What are the benefits?
- More tax efficient. Private landlords have had their tax relief significantly cut in the recent years. This does not apply to properties held under a limited company. 100% of mortgage interest can be offset as an allowable expense.
- Tax-free dividend relief up to £2000. The Dividend Tax Credit means company shareholders can potentially take £2,000 per year in dividends tax-free.
- Reduces personal liability through legal separation. The company and its finances are legally separate to the people who run it – which limits the level of personal liability an individual can face.

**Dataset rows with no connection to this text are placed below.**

Definition Yf (n : nat) (lam w x y : R) : R :=
  x * y - INR n * x ^ 2 - lam * w ^ 2.

Definition in_int (a b : Rbar) (t : R) : Prop :=
  Rbar_lt a (Finite t) /\ Rbar_lt (Finite t) b.

Definition is_solution (n : nat) (lam : R) (a b : Rbar) (w x y : R -> R) : Prop :=
  forall t, in_int a b t ->
    0 < w t /\
    is_derive w t (x t * w t) /\
    is_derive x t (Xf n lam (w t) (x t) (y t)) /\
    is_derive y t (Yf n lam (w t) (x t) (y t)).

Definition preserved_incr (n : nat) (lam : R) (V : R -> R -> R -> Prop) : Prop :=
  forall a b w x y, is_solution n lam a b w x y ->
  forall t0 t, in_int a b t0 -> in_int a b t -> t0 < t ->
  V (w t0) (x t0) (y t0) -> V (w t) (x t) (y t).

Definition preserved_decr (n : nat) (lam : R) (V : R -> R -> R -> Prop) : Prop :=
  forall a b w x y, is_solution n lam a b w x y ->
  forall t0 t, in_int a b t0 -> in_int a b t -> t < t0 ->
  V (w t0) (x t0) (y t0) -> V (w t) (x t) (y t).

From Pilot Require Import Defs.
From Stdlib Require Import Reals Lra Lia.
From Coquelicot Require Import Coquelicot.
Open Scope R_scope.

(* Each region is the closed quadrant {u >= 0, v >= 0} for two functions u, v of the
   solution obeying a cooperative system of linear differential inequalities
   u' >= A1 u + B1 v, v' >= A2 v + B2 u, where B1 >= 0 wherever v >= 0 and B2 >= 0
   wherever u >= 0 (with reversed inequalities for decreasing t).  For {x >= 1, X >= 0}
   take u = x - 1, v = X, since X' = (3x - y) X + (n - 1) x (x + 1) (x - 1); for {y <= 0}
   take u = v = -y, since (-y)' = x (-y) + n x^2 + lambda w^2.  The squared distance phi
   of (u, v) to the quadrant is C^1 and satisfies phi' <= C phi (phi' >= -C phi for
   reversed time) on a compact time interval, C bounding the continuous coefficients,
   so by Gronwall phi stays 0. *)

Lemma derive_nonpos_le (f df : R -> R) (a b : R) :
  a <= b ->
  (forall z, a <= z <= b -> is_derive f z (df z)) ->
  (forall z, a <= z <= b -> df z <= 0) ->
  f b <= f a.
Proof.
  intros Hab Hf Hdf.
  destruct (Req_dec a b) as [<-|Hne]; [lra|].
  destruct (MVT_cor2 f df a b) as [c [Hmvt Hc]]; [lra| |].
  - intros z Hz; apply is_derive_Reals, Hf, Hz.
  - assert (df c <= 0) by (apply Hdf; lra). nra.
Qed.

Lemma is_derive_exp_mul (k : R) (phi : R -> R) (z dphi : R) :
  is_derive phi z dphi ->
  is_derive (fun t => exp (k * t) * phi t) z (exp (k * z) * (dphi + k * phi z)).
Proof.
  intros Hphi.
  replace (exp (k * z) * (dphi + k * phi z))
    with (k * exp (k * z) * phi z + exp (k * z) * dphi) by ring.
  apply (is_derive_mult (fun t => exp (k * t)) phi); [| exact Hphi | intros; apply Rmult_comm].
  auto_derive; [exact I | ring].
Qed.

Lemma gronwall_fwd_nonpos (phi dphi : R -> R) (C a b : R) :
  a <= b ->
  (forall z, a <= z <= b -> is_derive phi z (dphi z)) ->
  (forall z, a <= z <= b -> dphi z <= C * phi z) ->
  phi a <= 0 -> phi b <= 0.
Proof.
  intros Hab Hphi Hrate Ha.
  assert (Hmono : exp (- C * b) * phi b <= exp (- C * a) * phi a).
  { apply (derive_nonpos_le (fun z => exp (- C * z) * phi z)
             (fun z => exp (- C * z) * (dphi z + - C * phi z)) a b Hab).
    - intros z Hz; apply is_derive_exp_mul, Hphi, Hz.
    - intros z Hz. assert (0 < exp (- C * z)) by apply exp_pos.
      assert (dphi z <= C * phi z) by (apply Hrate, Hz). nra. }
  assert (0 < exp (- C * a)) by apply exp_pos.
  assert (0 < exp (- C * b)) by apply exp_pos.
  nra.
Qed.

Lemma gronwall_bwd_nonpos (phi dphi : R -> R) (C a b : R) :
  a <= b ->
  (forall z, a <= z <= b -> is_derive phi z (dphi z)) ->
  (forall z, a <= z <= b -> - C * phi z <= dphi z) ->
  phi b <= 0 -> phi a <= 0.
Proof.
  intros Hab Hphi Hrate Hb.
  assert (Hmono : - (exp (C * b) * phi b) <= - (exp (C * a) * phi a)).
  { apply (derive_nonpos_le (fun z => - (exp (C * z) * phi z))
             (fun z => - (exp (C * z) * (dphi z + C * phi z))) a b Hab).
    - intros z Hz; exact (is_derive_opp _ _ _ (is_derive_exp_mul C phi z _ (Hphi z Hz))).
    - intros z Hz. assert (0 < exp (C * z)) by apply exp_pos.
      assert (- C * phi z <= dphi z) by (apply Hrate, Hz). nra. }
  assert (0 < exp (C * a)) by apply exp_pos.
  assert (0 < exp (C * b)) by apply exp_pos.
  nra.
Qed.
(* Let $n\ge 4$, $x_1,\dots,x_{n-1}>0$, $\gamma,\delta>0$ with $\gamma\ne1$, $\delta\ne1$, and set $x_0=1$. Let $\mathbf{R}=[r_{ij}]\in\mathbb{R}^{n\times n}$ be given by $r_{ij}=x_{j-1}/x_{i-1}$ for all $i,j$, except $r_{12}=\delta x_1$, $r_{21}=1/(\delta x_1)$, $r_{34}=\gamma x_3/x_2$, $r_{43}=x_2/(\gamma x_3)$. Then the characteristic polynomial of $\mathbf{R}$ is $$p_{\mathbf{R}}(\lambda)=\det(\mathbf{R}-\lambda\mathbf{I})=(-1)^n\lambda^{n-5}\left(\lambda^5-n\lambda^4-(n-2)\left(\gamma+\delta+\frac1\gamma+\frac1\delta-4\right)\lambda^2-c\lambda-(n-4)c\right),\quad c=\frac{(\gamma-1)^2(\delta-1)^2}{\gamma\delta}.$$ In particular, for $n=4$ (where $\mathbf{R}$ is the $4\times4$ matrix $\mathbf{Q}$ with these entries), $$p_{\mathbf{Q}}(\lambda)=\lambda^4-4\lambda^3-2\left(\gamma+\delta+\frac1\gamma+\frac1\delta-4\right)\lambda-\frac{(\gamma-1)^2(\delta-1)^2}{\gamma\delta}.$$ *)

From HB Require Import structures.
From mathcomp Require Import all_boot all_order all_algebra.
Set Implicit Arguments. Unset Strict Implicit. Unset Printing Implicit Defensive.
Import Order.TTheory GRing.Theory Num.Theory.
Local Open Scope ring_scope.

(* The matrix R of the paper, 0-based indices: paper's r_{ij} (1-based) is
   entry (i-1, j-1) here.  Generic entry x_j / x_i (0-based), with the four
   exceptional entries (1,2),(2,1),(3,4),(4,3) (1-based). x 0 is expected = 1. *)
Definition Rmat (R : fieldType) (n : nat) (x : nat -> R) (gam del : R) : 'M[R]_n :=
  \matrix_(i < n, j < n)
    if ((i : nat) == 0%N) && ((j : nat) == 1%N) then del * x 1%N
    else if ((i : nat) == 1%N) && ((j : nat) == 0%N) then (del * x 1%N)^-1
    else if ((i : nat) == 2%N) && ((j : nat) == 3%N) then gam * x 3%N / x 2%N
    else if ((i : nat) == 3%N) && ((j : nat) == 2%N) then x 2%N / (gam * x 3%N)
    else x (j : nat) / x (i : nat).

Definition charpoly_paper (R : comNzRingType) (n : nat) (M : 'M[R]_n) : {poly R} :=
  \det (map_mx polyC M - 'X%:M).

(* Conjugating by diag(x_0, ..., x_{n-1}) reduces everything to x = 1.  Then
   R - lambda I = B + J, where J is the all-ones matrix and B is block diagonal
   with blocks [[-lambda, delta - 1], [1/delta - 1, -lambda]],
   [[-lambda, gamma - 1], [1/gamma - 1, -lambda]] and -lambda I_{n-4}.  The
   matrix determinant lemma det (B + J) = det B (1 + 1^T B^-1 1) finishes the
   computation, as B^-1 1 is computed block by block.  To stay in the
   polynomial ring, B^-1 1 is replaced by a vector w with B w = a 1. *)

From HB Require Import structures.
From mathcomp Require Import all_boot all_order all_algebra.
From mathcomp Require Import ring zify.
Set Implicit Arguments. Unset Strict Implicit. Unset Printing Implicit Defensive.
Import Order.TTheory GRing.Theory Num.Theory.
Local Open Scope ring_scope.

Lemma det_scalar_add_rank1 (T : comNzRingType) n (a : T) (w : 'cV[T]_n) (v : 'rV[T]_n) :
  a * \det (a%:M + w *m v) = (a + (v *m w) 0 0) * a ^+ n.
Proof.
(* Computing \det X through either of its two Schur complements. *)
pose X : 'M[T]_(1 + n) := block_mx 1%:M (- v) w a%:M.
have eL : block_mx 1%:M 0 (- w) 1%:M *m X = block_mx 1%:M (- v) 0 (a%:M + w *m v).
  rewrite mulmx_block ?mul1mx ?mul0mx ?addr0 ?add0r ?mulmx1.
  by rewrite ?mulNmx ?mulmxN ?opprK ?mul1mx ?addNr ?[_ + w *m v]addrC.
have eR : X *m block_mx a%:M 0 (- w) 1%:M = block_mx (a%:M + v *m w) (- v) 0 a%:M.
  rewrite mulmx_block ?mul1mx ?mulmx0 ?add0r ?addr0 ?mulmx1 mul_mx_scalar mul_scalar_mx.
  by rewrite ?mulNmx ?mulmxN ?opprK ?scalerN ?subrr.
have := congr1 determinant eL; rewrite det_mulmx det_lblock det_ublock !det1 !mul1r => detX.
have := congr1 determinant eR; rewrite det_mulmx det_lblock det_ublock det1 mulr1 detX.
by rewrite !det_mx11 det_scalar mulrC !mxE eqxx mulr1n.
Qed.

Lemma det_add_rank1 (T : idomainType) n (B : 'M[T]_n) (u w : 'cV[T]_n) (v : 'rV[T]_n) a :
  a != 0 -> B *m w = a *: u -> a * \det (B + u *m v) = \det B * (a + (v *m w) 0 0).
Proof.
move=> a_neq0 Bw.
have eB : a *: (B + u *m v) = B *m (a%:M + w *m v).
  by rewrite mulmxDr mulmxA Bw -scalemxAl mul_mx_scalar scalerDr.
apply: (mulfI (expf_neq0 n a_neq0)).
have := congr1 determinant eB; rewrite detZ det_mulmx => /(congr1 ( *%R a)).
by rewrite mulrCA => ->; rewrite mulrCA det_scalar_add_rank1; ring.
Qed.

(* [w / a] plays the role of [B^-1 1], and [S / a] that of [1^T B^-1 1]. *)
Definition ones_solution (T : pzRingType) n (B : 'M[T]_n) (a S : T) :=
  exists2 w : 'cV[T]_n, B *m w = a *: const_mx 1 & \sum_i w i 0 = S.

Lemma det_add_ones (T : idomainType) n (B : 'M[T]_n) a S :
  a != 0 -> ones_solution B a S -> a * \det (B + const_mx 1) = \det B * (a + S).
Proof.
move=> a_neq0 [w Bw <-].
have -> : const_mx 1 = (const_mx 1 : 'cV[T]_n) *m (const_mx 1 : 'rV[T]_n).
  by apply/matrixP => i j; rewrite !mxE big_ord1 !mxE mulr1.
rewrite (det_add_rank1 _ a_neq0 Bw) mxE.
by under eq_bigr do rewrite mxE mul1r.
Qed.

Lemma ones_solution_block (T : comPzRingType) n1 n2 (B1 : 'M[T]_n1) (B2 : 'M[T]_n2) a1 a2 S1 S2 :
  ones_solution B1 a1 S1 -> ones_solution B2 a2 S2 ->
  ones_solution (block_mx B1 0 0 B2) (a1 * a2) (a2 * S1 + a1 * S2).
Proof.
move=> [w1 Bw1 <-] [w2 Bw2 <-]; exists (col_mx (a2 *: w1) (a1 *: w2)).
  rewrite mul_block_col !mul0mx addr0 add0r -!scalemxAr Bw1 Bw2 !scalerA mulrC.
  by apply/matrixP => i j; rewrite !mxE; case: splitP => k _; rewrite !mxE.
rewrite big_split_ord !mulr_sumr /=.
by congr (_ + _); apply: eq_bigr => i _; rewrite ?col_mxEu ?col_mxEd mxE.
Qed.

Lemma ones_solution_scalar (T : pzRingType) n (x : T) :
  ones_solution (x%:M : 'M_n) x n%:R.
Proof.
exists (const_mx 1); first by rewrite mul_scalar_mx.
by rewrite (eq_bigr (fun=> 1)) => [|i _]; rewrite ?mxE // sumr_const card_ord.
Qed.

Definition mx2 (T : Type) (a b c d : T) : 'M[T]_2 :=
  \matrix_(i, j) if i == 0 then if j == 0 then a else b else if j == 0 then c else d.

Lemma det_mx2 (T : comPzRingType) (a b c d : T) : \det (mx2 a b c d) = a * d - b * c.
Proof.
rewrite (expand_det_row _ 0) !big_ord_recl big_ord0 /cofactor !det_mx11 !mxE /=.
by rewrite expr0 expr1; ring.
Qed.

Lemma ones_solution_mx2 (T : comPzRingType) (x p q : T) :
  ones_solution (mx2 (- x) p q (- x)) (x ^+ 2 - p * q) (- (x *+ 2 + p + q)).
Proof.
exists (\col_i - (x + if i == 0 then p else q)).
  apply/matrixP => i j; rewrite !mxE !big_ord_recl big_ord0 !mxE /=.
  by case: i => [[|[|//]] ?] /=; ring.
by rewrite !big_ord_recl big_ord0 !mxE /=; ring.
Qed.

Lemma charpoly_paper_diag_similar (F : fieldType) n (M : 'M[F]_n) (d : 'I_n -> F) :
  (forall i, d i != 0) ->
  charpoly_paper (\matrix_(i, j) ((d i)^-1 * M i j * d j)) = charpoly_paper M.
Proof.
move=> d_neq0; rewrite /charpoly_paper.
pose D : 'M[{poly F}]_n := diag_mx (\row_i (d i)%:P).
pose Dinv : 'M[{poly F}]_n := diag_mx (\row_i ((d i)^-1)%:P).
have -> : map_mx polyC (\matrix_(i, j) ((d i)^-1 * M i j * d j)) - 'X%:M =
          Dinv *m (map_mx polyC M - 'X%:M) *m D.
  apply/matrixP => i j; rewrite mul_mx_diag mul_diag_mx !mxE mulrBr mulrBl -!polyCM.
  congr (_ - _); case: (eqVneq i j) => [<-|_]; last by rewrite !mulr0n mulr0 mul0r.
  by rewrite mulr1n mulrAC -polyCM mulVf ?polyC1 ?mul1r.
rewrite !det_mulmx !det_diag mulrAC -big_split /=.
by rewrite big1 ?mul1r // => i _; rewrite !mxE -polyCM mulVf ?polyC1.
Qed.

Lemma Rmat_diag_similar (F : fieldType) n (x : nat -> F) (gam del : F) :
  x 0%N = 1 ->
  Rmat n x gam del = \matrix_(i, j) ((x i)^-1 * Rmat n (fun=> 1) gam del i j * x j).
Proof.
move=> x0; apply/matrixP => i j; rewrite !mxE ?(mulr1, invr1, mul1r).
by do 4?case: ifP => [/andP[/eqP-> /eqP->]|_]; rewrite ?x0 ?invr1 ?invfM; ring.
Qed.

Lemma Rmat1_block (F : fieldType) m (gam del : F) :
  Rmat (2 + 2 + m) (fun=> 1) gam del =
  const_mx 1 + block_mx (block_mx (mx2 0 (del - 1) (del^-1 - 1) 0) 0 0
                                  (mx2 0 (gam - 1) (gam^-1 - 1) 0)) 0 0 0.
Proof.
apply/matrixP => i j; rewrite [LHS]mxE [RHS]mxE [const_mx 1 _ _]mxE.
case: (split_ordP i) => {}i ->; case: (split_ordP j) => {}j ->.
2-4: by rewrite ?block_mxEur ?block_mxEdl ?block_mxEdr mxE /= ?addSn ?add0n /= ?andbF addr0 divr1.
rewrite block_mxEul /=.
case: (split_ordP i) => {}i ->; case: (split_ordP j) => {}j ->;
  rewrite ?block_mxEul ?block_mxEur ?block_mxEdl ?block_mxEdr /= ?addSn ?add0n.
all: case: i => [[|[|//]] ?]; case: j => [[|[|//]] ?]; rewrite !mxE /=.
all: by rewrite ?mulr1 ?divr1 ?div1r ?addr0 // addrC subrK.
Qed.

Lemma charpoly_ones_add_antidiag (F : fieldType) m (p q r s : F) :
  let a1 := 'X ^+ 2 - (p * q)%:P in
  let a2 := 'X ^+ 2 - (r * s)%:P in
  'X * charpoly_paper
         (const_mx 1 + block_mx (block_mx (mx2 0 p q 0) 0 0 (mx2 0 r s 0)) 0 0 (0 : 'M_m)) =
  (-1) ^+ m * 'X ^+ m *
  ('X * (a1 * a2 - a2 * ('X *+ 2 + (p + q)%:P) - a1 * ('X *+ 2 + (r + s)%:P))
   - m%:R * a1 * a2).
Proof.
move=> a1 a2; rewrite /charpoly_paper.
have mx2_charmx (b c : F) :
    map_mx polyC (mx2 0 b c 0) - 'X%:M = mx2 (- 'X) b%:P c%:P (- 'X).
  apply/matrixP => i j; rewrite !mxE.
  by case: i => [[|[|//]] ?]; case: j => [[|[|//]] ?]; rewrite /= ?subr0 ?sub0r.
have -> : map_mx polyC (const_mx 1 +
            block_mx (block_mx (mx2 0 p q 0) 0 0 (mx2 0 r s 0)) 0 0 (0 : 'M_m)) - 'X%:M =
          block_mx (block_mx (mx2 (- 'X) p%:P q%:P (- 'X)) 0 0 (mx2 (- 'X) r%:P s%:P (- 'X)))
                   0 0 (- 'X)%:M + const_mx 1.
  rewrite map_mxD map_const_mx /= polyC1 -addrA addrC !map_block_mx !map_mx0.
  rewrite (scalar_mx_block (2 + 2) m) (scalar_mx_block 2 2) !opp_block_mx !add_block_mx.
  by rewrite !subrr sub0r !mx2_charmx raddfN.
set d := \det _.
have a12_neq0 : a1 * a2 != 0 by rewrite mulf_neq0 ?monic_neq0 ?monicXnsubC.
have a_neq0 : a1 * a2 * - 'X != 0 by rewrite mulf_neq0 ?oppr_eq0 ?polyX_eq0.
have := ones_solution_block
  (ones_solution_block (ones_solution_mx2 'X p%:P q%:P) (ones_solution_mx2 'X r%:P s%:P))
  (ones_solution_scalar m (- 'X)).
rewrite -!polyCM -/a1 -/a2 => /(det_add_ones a_neq0).
rewrite -/d !det_ublock !det_mx2 det_scalar -!polyCM -/a1 -/a2 => key.
apply: (mulfI a12_neq0); transitivity (- (a1 * a2 * - 'X * d)).
  by rewrite mulrN mulNr opprK -!mulrA.
rewrite key [(- 'X) ^+ m]exprNn /a1 /a2 !polyCD; ring.
Qed.

Lemma charpoly_Rmat (F : fieldType) m (x : nat -> F) (gam del : F) :
  x 0%N = 1 -> (forall i : 'I_(2 + 2 + m), x i != 0) -> gam != 0 -> del != 0 ->
  let c := (gam - 1) ^+ 2 * (del - 1) ^+ 2 / (gam * del) in
  let s := gam + del + gam^-1 + del^-1 - 4 in
  'X * charpoly_paper (Rmat (2 + 2 + m) x gam del) =
  (-1) ^+ m * 'X ^+ m *
  ('X ^+ 5 - (m + 4)%:R *: 'X ^+ 4 - ((m + 2)%:R * s) *: 'X ^+ 2 - c *: 'X - (m%:R * c)%:P).
Proof.
move=> x0 x_neq0 gam_neq0 del_neq0 c s.
rewrite Rmat_diag_similar // charpoly_paper_diag_similar // Rmat1_block.
rewrite charpoly_ones_add_antidiag; congr (_ * _).
set P := (del - 1) * (del^-1 - 1); set Q := (gam - 1) * (gam^-1 - 1).
have -> : del - 1 + (del^-1 - 1) = - P by rewrite /P; field; rewrite ?gam_neq0 ?del_neq0.
have -> : gam - 1 + (gam^-1 - 1) = - Q by rewrite /Q; field; rewrite ?gam_neq0 ?del_neq0.
have -> : s = - (P + Q) by rewrite /s /P /Q; field; rewrite ?gam_neq0 ?del_neq0.
have -> : c = P * Q by rewrite /c /P /Q; field; rewrite ?gam_neq0 ?del_neq0.
rewrite -!mul_polyC !(polyCN, polyCD, polyCM, polyCMn) !natrD; ring.
Qed.

Theorem theorem4 (R : realFieldType) (n : nat) (x : nat -> R) (gam del : R) :
  (4 <= n)%N ->
  x 0%N = 1 ->
  (forall k : nat, (1 <= k <= n.-1)%N -> 0 < x k) ->
  0 < gam -> 0 < del -> gam != 1 -> del != 1 ->
  let c := (gam - 1) ^+ 2 * (del - 1) ^+ 2 / (gam * del) in
  let s := gam + del + gam^-1 + del^-1 - 4 in
  ((5 <= n)%N ->
     charpoly_paper (Rmat n x gam del) =
     (-1) ^+ n *: ('X ^+ (n - 5) *
       ('X ^+ 5 - n%:R *: 'X ^+ 4 - ((n - 2)%:R * s) *: 'X ^+ 2
        - c *: 'X - ((n - 4)%:R * c)%:P)))
  /\
  (n = 4%N ->
     charpoly_paper (Rmat n x gam del) =
     'X ^+ 4 - 4%:R *: 'X ^+ 3 - (2%:R * s) *: 'X - c%:P).
Proof.
move=> n_ge4 x0 x_pos gam_pos del_pos _ _ c s.
have x_neq0 (i : 'I_n) : x i != 0.
  have [->|i_neq0] := eqVneq (i : nat) 0%N; first by rewrite x0 oner_neq0.
  by rewrite lt0r_neq0 // x_pos //; move: i_neq0 (ltn_ord i); lia.
have [m def_n] : exists m, n = (2 + 2 + m)%N by exists (n - 4)%N; rewrite subnKC.
subst n.
have /= := charpoly_Rmat x0 x_neq0 (lt0r_neq0 gam_pos) (lt0r_neq0 del_pos).
rewrite -/c -/s => key.
have X_neq0 : 'X != 0 :> {poly R} by rewrite polyX_eq0.
case: m {n_ge4 x_pos x_neq0} key => [|m] key; split=> // _; apply: (mulfI X_neq0); rewrite key.
  by rewrite -!mul_polyC; ring.
have -> : (2 + 2 + m.+1 - 5 = m)%N by lia.
have -> : (2 + 2 + m.+1 - 2 = m.+1 + 2)%N by lia.
have -> : (2 + 2 + m.+1 - 4 = m.+1)%N by lia.
have -> : (2 + 2 + m.+1 = m.+1 + 4)%N by lia.
rewrite -!mul_polyC rmorph_sign exprD !exprS; ring.
Qed.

- Possibly quicker to grow buy to let portfolio. This is if you keep the profits within the company and reinvest. There’s no income tax on profits retained within the company, so there’s more cash to reinvest. Corporation tax is payable on trading profits, but this is lower than higher rate income tax.
What are the drawbacks?
- No Capital Gains Tax allowance. Unlike a private individual, companies do not qualify for capital gains tax relief on the proceeds of a property sale.
- Limited company running costs. Operating a limited company comes with fees for things like preparing annual accounts, Companies House filings and other accounting related activity.
- Mortgage rates are slightly higher for limited companies. However, this trend is changing as more lenders have started to offer limited company products. Double taxation applies if taking a salary and dividends. In a limited company, corporation tax is applied on profits. If you then take the profits out, either as a salary or dividends, then this will be subject to income tax.
What is a Special Purpose Vehicle (SPV)?
- Limited companies need to be set up as a Special Purpose Vehicle (SPV). Lenders will only lend to a SPV.
- SPV are set up to hold property and nothing else. This is usually to isolate financial risk. Within mortgage lending, SPV is different to a trading company in that a trading company has a primary activity other than owning property.
- A newly incorporated SPV can be used. Most lenders do not require a limited company to have been established for a minimum time.
- SPV have specific Standard Industrial Classification (SIC). One or more of the following codes: 68100, 68201, 68209, 68320 is required for a SPV to be considered by lenders.